Stored data entries
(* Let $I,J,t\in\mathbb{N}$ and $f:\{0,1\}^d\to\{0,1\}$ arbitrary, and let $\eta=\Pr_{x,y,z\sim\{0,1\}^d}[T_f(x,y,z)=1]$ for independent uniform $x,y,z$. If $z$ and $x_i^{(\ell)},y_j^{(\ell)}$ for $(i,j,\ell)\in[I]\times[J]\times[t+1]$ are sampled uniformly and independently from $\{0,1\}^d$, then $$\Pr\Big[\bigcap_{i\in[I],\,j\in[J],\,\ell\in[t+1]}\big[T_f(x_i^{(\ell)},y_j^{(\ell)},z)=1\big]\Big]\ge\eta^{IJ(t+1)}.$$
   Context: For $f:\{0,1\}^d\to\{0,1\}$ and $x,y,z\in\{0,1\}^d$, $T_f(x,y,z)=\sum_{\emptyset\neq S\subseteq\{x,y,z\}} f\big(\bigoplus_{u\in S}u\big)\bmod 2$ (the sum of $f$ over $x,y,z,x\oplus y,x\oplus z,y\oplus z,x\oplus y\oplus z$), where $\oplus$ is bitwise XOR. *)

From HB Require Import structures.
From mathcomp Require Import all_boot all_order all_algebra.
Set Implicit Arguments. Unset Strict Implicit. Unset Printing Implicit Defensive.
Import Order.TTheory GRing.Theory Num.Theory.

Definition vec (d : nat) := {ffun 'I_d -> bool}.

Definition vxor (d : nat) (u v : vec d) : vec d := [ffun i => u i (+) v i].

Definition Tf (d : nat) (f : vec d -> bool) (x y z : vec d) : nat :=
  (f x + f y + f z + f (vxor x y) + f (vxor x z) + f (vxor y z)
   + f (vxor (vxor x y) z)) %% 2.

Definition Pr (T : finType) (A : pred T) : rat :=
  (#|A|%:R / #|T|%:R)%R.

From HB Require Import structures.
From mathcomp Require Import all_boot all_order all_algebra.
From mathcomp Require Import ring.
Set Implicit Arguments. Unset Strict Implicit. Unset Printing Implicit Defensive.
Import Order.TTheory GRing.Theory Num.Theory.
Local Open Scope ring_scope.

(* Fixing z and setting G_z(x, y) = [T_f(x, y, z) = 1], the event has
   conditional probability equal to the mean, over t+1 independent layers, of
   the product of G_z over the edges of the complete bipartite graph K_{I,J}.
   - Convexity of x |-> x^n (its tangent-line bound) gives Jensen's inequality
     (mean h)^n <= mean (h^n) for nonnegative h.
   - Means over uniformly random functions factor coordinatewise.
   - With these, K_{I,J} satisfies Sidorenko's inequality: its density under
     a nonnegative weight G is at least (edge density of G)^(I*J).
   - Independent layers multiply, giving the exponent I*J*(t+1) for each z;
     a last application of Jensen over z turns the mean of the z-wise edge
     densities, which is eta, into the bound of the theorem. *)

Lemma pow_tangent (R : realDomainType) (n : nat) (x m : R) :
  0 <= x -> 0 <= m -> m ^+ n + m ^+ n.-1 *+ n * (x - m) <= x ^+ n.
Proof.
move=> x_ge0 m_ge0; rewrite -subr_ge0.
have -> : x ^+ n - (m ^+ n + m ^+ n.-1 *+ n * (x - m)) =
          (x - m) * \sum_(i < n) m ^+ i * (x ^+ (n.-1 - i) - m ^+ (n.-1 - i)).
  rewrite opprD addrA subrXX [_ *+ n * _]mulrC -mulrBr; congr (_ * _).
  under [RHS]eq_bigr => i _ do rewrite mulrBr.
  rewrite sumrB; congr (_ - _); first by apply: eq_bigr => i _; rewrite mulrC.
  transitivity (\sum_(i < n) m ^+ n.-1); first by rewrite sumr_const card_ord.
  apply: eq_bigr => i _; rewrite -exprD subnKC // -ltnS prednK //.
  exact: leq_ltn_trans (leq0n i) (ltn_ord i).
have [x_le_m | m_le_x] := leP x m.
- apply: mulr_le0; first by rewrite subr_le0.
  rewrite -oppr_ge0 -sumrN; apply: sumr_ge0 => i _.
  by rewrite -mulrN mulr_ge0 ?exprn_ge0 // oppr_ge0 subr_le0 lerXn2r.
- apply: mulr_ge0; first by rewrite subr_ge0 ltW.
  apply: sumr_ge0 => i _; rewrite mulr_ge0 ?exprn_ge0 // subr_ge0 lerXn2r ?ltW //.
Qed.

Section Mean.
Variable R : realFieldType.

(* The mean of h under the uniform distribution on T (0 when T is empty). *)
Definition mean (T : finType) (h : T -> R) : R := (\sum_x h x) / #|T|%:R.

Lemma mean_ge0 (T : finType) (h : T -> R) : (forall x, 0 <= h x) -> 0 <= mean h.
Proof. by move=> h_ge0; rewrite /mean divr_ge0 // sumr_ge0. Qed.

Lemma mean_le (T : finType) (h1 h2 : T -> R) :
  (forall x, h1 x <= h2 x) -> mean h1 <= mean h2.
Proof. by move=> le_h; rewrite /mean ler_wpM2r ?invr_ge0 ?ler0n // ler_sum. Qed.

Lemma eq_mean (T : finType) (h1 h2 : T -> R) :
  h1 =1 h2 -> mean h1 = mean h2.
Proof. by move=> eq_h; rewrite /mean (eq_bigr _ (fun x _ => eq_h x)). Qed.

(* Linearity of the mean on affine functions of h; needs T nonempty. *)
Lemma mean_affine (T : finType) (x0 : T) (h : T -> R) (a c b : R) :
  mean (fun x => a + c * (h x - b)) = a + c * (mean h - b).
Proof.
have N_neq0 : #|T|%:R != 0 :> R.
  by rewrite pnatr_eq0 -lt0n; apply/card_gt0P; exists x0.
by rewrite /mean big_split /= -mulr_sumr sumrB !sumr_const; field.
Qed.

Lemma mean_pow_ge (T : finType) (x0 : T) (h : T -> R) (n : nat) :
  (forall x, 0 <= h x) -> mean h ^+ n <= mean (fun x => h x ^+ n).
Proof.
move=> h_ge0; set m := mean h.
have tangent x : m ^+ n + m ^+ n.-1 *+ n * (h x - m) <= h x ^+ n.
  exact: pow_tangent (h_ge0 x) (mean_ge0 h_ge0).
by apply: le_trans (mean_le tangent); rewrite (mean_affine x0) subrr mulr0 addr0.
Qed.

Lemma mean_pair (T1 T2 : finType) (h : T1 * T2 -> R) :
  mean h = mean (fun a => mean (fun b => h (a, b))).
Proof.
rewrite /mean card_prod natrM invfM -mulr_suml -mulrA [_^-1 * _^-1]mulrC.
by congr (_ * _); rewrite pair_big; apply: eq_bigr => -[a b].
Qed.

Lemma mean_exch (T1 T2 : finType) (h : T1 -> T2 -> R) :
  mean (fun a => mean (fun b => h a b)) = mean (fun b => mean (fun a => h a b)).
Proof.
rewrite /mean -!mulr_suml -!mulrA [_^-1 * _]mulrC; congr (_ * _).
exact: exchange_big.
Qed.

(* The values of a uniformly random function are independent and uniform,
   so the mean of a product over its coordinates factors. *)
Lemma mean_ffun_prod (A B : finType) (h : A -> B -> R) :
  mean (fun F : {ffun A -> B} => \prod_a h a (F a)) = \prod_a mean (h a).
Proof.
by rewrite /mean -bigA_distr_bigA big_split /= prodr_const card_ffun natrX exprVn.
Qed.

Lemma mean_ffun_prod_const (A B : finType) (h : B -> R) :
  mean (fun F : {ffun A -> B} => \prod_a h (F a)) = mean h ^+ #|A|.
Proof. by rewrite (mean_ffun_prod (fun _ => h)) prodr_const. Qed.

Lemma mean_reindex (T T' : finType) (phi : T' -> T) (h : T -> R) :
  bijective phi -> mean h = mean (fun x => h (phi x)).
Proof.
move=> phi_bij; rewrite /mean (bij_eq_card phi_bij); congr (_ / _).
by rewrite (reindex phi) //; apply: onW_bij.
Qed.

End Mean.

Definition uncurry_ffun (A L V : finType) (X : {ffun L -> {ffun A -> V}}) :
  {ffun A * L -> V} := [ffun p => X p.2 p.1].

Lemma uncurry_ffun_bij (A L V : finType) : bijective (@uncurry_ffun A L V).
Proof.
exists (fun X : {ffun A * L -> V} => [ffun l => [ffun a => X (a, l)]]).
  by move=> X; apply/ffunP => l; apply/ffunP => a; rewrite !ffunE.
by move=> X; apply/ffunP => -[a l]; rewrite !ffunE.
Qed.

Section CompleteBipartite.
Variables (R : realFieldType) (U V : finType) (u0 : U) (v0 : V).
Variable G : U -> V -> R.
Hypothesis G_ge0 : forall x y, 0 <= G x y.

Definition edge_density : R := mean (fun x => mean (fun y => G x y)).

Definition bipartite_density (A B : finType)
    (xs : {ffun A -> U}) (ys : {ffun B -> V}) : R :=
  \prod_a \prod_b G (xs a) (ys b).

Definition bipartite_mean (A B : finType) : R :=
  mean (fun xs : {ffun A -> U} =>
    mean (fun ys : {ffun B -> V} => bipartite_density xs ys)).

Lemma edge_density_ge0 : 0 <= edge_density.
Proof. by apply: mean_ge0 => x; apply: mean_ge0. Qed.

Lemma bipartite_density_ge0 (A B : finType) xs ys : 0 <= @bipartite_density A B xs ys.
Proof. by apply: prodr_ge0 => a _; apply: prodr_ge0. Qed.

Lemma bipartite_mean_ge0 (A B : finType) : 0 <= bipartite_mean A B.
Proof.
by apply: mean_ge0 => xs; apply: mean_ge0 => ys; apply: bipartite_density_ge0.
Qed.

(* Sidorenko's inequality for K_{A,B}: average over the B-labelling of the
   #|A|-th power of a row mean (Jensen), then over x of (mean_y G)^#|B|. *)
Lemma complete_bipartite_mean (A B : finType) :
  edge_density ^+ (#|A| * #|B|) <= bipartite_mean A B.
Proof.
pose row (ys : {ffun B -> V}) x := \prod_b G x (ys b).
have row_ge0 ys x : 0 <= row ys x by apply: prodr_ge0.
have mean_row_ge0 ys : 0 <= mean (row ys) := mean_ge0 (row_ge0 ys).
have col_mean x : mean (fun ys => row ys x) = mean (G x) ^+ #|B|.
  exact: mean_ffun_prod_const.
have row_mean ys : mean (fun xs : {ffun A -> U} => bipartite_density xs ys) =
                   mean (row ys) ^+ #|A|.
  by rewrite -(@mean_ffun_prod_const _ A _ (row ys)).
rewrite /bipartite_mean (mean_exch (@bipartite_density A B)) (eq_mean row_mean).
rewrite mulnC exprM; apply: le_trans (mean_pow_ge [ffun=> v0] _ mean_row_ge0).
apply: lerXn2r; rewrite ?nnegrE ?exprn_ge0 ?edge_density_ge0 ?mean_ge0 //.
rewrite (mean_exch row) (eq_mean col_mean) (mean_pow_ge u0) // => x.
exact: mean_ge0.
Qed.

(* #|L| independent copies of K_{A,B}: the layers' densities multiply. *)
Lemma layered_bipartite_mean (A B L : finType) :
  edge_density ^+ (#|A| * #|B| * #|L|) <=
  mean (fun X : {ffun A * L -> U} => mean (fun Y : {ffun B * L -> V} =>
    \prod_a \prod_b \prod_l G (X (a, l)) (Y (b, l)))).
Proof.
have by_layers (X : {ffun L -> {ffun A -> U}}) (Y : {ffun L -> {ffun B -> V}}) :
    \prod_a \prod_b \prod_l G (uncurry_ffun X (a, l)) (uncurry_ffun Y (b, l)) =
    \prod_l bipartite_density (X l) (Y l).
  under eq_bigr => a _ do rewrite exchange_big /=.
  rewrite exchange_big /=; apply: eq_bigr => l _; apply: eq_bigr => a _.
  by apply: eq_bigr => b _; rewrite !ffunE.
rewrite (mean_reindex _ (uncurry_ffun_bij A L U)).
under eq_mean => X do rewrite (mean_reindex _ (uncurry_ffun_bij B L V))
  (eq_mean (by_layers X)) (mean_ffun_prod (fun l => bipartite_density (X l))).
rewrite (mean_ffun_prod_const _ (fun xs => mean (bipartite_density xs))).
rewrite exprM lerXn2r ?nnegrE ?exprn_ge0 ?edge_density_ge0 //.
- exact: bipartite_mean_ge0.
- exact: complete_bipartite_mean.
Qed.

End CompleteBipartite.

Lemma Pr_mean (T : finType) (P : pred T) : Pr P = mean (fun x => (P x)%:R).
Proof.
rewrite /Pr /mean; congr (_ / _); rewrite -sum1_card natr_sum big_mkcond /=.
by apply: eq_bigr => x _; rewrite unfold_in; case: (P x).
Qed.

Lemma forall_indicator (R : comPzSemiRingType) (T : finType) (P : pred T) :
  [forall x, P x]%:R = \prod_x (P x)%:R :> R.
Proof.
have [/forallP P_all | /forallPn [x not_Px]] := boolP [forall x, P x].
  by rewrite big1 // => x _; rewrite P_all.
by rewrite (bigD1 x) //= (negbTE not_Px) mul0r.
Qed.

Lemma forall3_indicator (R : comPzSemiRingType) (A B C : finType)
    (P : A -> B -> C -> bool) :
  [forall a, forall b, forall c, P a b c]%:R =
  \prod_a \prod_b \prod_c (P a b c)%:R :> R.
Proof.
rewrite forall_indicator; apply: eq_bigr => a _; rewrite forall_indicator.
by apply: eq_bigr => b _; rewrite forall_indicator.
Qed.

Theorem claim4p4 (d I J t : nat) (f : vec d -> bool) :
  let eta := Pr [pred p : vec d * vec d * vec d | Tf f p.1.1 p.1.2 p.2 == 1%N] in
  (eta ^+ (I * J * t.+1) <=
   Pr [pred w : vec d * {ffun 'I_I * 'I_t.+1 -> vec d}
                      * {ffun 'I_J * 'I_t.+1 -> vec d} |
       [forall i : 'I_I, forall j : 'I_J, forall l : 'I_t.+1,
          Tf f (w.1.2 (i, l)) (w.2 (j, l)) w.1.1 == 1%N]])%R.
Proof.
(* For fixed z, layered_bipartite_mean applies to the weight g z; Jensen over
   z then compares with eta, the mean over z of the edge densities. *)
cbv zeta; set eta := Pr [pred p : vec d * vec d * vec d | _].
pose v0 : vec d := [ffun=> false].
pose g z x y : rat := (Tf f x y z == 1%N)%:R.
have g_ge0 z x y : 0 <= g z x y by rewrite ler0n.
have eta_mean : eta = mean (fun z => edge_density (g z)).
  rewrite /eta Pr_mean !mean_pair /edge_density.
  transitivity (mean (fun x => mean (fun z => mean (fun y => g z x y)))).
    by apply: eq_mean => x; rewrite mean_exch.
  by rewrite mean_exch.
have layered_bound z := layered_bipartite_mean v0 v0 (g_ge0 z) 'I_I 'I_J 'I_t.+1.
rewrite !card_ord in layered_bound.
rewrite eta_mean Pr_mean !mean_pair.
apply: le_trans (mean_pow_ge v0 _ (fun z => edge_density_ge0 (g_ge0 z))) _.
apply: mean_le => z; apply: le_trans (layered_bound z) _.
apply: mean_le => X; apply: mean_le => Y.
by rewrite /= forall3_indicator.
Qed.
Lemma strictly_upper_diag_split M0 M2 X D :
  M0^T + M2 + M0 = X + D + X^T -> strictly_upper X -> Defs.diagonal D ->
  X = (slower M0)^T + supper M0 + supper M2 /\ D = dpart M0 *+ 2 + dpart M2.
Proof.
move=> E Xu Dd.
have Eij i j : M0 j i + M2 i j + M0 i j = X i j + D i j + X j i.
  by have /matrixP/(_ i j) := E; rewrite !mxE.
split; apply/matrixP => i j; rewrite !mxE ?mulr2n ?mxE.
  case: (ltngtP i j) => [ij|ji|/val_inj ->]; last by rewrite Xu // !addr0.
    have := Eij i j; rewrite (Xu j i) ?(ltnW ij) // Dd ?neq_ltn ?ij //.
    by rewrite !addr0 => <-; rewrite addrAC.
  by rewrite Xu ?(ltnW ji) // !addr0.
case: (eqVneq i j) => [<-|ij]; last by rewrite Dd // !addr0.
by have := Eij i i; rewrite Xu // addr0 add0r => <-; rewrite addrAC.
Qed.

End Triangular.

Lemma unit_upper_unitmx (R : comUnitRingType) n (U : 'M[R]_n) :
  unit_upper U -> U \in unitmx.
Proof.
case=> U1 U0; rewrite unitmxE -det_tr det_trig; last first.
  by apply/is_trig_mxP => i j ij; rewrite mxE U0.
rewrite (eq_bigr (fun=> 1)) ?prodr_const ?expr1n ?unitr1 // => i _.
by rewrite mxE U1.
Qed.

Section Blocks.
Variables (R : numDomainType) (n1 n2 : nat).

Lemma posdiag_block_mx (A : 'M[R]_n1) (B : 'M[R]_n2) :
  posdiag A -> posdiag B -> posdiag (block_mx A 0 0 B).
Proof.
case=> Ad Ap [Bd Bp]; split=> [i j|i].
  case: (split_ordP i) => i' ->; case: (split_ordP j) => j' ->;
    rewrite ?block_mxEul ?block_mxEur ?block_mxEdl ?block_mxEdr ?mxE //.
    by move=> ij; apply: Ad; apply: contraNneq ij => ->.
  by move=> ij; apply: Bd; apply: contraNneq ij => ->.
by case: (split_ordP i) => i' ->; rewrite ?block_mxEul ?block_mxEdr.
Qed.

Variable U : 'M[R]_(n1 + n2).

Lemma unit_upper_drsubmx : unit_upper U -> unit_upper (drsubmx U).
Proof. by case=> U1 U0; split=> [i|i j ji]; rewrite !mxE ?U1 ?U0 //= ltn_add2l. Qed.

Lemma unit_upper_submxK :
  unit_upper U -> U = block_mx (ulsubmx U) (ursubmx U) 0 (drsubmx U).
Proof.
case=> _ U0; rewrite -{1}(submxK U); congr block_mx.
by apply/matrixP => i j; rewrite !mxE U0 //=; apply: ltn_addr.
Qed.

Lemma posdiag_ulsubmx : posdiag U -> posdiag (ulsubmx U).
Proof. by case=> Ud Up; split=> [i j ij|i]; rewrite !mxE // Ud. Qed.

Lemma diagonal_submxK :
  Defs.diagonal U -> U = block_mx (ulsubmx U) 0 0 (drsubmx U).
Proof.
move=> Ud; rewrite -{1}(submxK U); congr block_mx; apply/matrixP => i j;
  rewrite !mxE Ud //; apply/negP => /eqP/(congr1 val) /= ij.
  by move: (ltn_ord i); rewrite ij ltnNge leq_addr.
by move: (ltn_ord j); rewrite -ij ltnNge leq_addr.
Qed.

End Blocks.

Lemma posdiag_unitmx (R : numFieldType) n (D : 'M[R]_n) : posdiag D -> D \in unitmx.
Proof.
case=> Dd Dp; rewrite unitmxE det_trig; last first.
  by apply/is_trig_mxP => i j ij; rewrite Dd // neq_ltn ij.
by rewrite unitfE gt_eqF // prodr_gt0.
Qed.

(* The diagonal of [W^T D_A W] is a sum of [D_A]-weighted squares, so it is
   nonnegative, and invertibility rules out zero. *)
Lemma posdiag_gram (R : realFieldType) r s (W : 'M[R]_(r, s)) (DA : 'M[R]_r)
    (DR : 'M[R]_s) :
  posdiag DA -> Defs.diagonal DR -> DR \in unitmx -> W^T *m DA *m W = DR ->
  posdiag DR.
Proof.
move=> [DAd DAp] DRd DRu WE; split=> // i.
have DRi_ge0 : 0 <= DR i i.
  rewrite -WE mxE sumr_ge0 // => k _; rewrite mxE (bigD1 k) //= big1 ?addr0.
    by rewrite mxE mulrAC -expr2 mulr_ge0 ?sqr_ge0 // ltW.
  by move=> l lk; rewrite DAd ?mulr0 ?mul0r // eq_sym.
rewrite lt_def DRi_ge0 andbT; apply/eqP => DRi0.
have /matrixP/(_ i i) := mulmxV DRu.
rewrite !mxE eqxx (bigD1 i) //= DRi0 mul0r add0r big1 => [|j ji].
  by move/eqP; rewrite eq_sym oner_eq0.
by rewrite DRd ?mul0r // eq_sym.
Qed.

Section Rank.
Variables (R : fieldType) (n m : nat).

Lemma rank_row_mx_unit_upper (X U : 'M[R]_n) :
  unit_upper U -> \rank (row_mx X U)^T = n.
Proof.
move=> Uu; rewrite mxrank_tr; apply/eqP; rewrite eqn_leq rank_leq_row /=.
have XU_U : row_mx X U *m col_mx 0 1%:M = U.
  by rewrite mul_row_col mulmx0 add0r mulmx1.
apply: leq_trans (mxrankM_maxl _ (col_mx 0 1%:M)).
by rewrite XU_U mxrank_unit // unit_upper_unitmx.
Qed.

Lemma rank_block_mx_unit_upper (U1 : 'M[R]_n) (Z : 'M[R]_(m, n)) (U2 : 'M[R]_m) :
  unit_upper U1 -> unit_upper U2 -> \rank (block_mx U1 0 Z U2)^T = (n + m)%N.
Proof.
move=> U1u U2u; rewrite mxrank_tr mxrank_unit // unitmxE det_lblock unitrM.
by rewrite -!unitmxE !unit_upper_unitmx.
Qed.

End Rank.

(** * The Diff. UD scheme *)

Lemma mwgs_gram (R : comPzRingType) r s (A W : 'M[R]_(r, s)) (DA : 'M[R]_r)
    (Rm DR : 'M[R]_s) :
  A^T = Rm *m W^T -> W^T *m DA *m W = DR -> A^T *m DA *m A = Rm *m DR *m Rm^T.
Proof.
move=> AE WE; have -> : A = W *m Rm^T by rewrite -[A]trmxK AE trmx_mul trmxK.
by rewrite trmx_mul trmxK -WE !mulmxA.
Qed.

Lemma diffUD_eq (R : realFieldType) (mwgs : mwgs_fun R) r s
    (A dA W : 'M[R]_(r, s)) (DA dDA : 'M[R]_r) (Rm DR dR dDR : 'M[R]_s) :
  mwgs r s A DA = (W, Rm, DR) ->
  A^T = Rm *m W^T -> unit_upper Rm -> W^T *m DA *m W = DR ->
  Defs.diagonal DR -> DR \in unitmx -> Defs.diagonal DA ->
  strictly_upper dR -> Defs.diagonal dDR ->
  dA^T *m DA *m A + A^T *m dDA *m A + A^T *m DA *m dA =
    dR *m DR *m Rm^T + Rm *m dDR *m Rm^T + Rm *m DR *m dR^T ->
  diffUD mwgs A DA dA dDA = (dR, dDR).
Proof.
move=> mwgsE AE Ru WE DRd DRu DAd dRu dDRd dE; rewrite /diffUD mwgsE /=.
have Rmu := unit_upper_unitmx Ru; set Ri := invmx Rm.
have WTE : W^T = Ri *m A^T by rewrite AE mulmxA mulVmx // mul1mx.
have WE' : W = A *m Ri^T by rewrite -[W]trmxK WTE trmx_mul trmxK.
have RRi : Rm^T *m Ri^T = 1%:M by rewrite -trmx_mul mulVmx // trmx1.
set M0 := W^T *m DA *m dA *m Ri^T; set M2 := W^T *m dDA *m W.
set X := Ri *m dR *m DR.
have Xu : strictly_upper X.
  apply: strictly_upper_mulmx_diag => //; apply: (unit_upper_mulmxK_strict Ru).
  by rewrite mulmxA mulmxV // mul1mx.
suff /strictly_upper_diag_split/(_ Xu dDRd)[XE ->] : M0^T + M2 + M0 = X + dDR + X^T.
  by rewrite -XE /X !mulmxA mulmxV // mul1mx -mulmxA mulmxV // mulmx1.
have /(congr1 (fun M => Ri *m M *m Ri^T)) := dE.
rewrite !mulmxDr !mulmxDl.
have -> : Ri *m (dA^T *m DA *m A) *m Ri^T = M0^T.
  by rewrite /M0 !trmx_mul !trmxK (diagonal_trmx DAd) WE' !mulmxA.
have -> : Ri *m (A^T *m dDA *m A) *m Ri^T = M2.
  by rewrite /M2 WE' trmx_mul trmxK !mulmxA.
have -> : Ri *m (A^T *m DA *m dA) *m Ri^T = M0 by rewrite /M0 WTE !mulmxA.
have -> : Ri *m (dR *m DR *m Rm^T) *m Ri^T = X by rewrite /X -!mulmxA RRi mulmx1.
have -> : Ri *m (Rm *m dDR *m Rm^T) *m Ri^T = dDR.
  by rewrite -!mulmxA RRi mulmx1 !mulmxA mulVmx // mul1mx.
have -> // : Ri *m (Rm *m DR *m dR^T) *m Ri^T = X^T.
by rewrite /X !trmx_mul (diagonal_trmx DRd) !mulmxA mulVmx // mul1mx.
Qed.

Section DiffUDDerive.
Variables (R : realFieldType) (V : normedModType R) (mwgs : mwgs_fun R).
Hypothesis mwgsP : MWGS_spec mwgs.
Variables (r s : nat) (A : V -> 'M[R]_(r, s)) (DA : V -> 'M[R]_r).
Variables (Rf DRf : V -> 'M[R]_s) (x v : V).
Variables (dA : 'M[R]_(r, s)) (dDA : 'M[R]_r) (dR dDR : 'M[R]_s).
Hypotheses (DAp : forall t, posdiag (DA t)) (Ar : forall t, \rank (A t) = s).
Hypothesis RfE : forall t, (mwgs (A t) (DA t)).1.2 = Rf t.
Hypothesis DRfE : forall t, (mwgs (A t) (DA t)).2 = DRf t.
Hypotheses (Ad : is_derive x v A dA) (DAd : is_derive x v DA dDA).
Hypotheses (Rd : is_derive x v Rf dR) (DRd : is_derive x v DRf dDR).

» TASK DIRECTIONS
What you give back should be exactly the lines of the data above from the line with "transitivity (mean (fun" through the line with "move=> E Xu Dd.", both of those included, and nothing more.

» REPLY
  transitivity (mean (fun x => mean (fun z => mean (fun y => g z x y)))).
    by apply: eq_mean => x; rewrite mean_exch.
  by rewrite mean_exch.
have layered_bound z := layered_bipartite_mean v0 v0 (g_ge0 z) 'I_I 'I_J 'I_t.+1.
rewrite !card_ord in layered_bound.
rewrite eta_mean Pr_mean !mean_pair.
apply: le_trans (mean_pow_ge v0 _ (fun z => edge_density_ge0 (g_ge0 z))) _.
apply: mean_le => z; apply: le_trans (layered_bound z) _.
apply: mean_le => X; apply: mean_le => Y.
by rewrite /= forall3_indicator.
Qed.
Lemma strictly_upper_diag_split M0 M2 X D :
  M0^T + M2 + M0 = X + D + X^T -> strictly_upper X -> Defs.diagonal D ->
  X = (slower M0)^T + supper M0 + supper M2 /\ D = dpart M0 *+ 2 + dpart M2.
Proof.
move=> E Xu Dd.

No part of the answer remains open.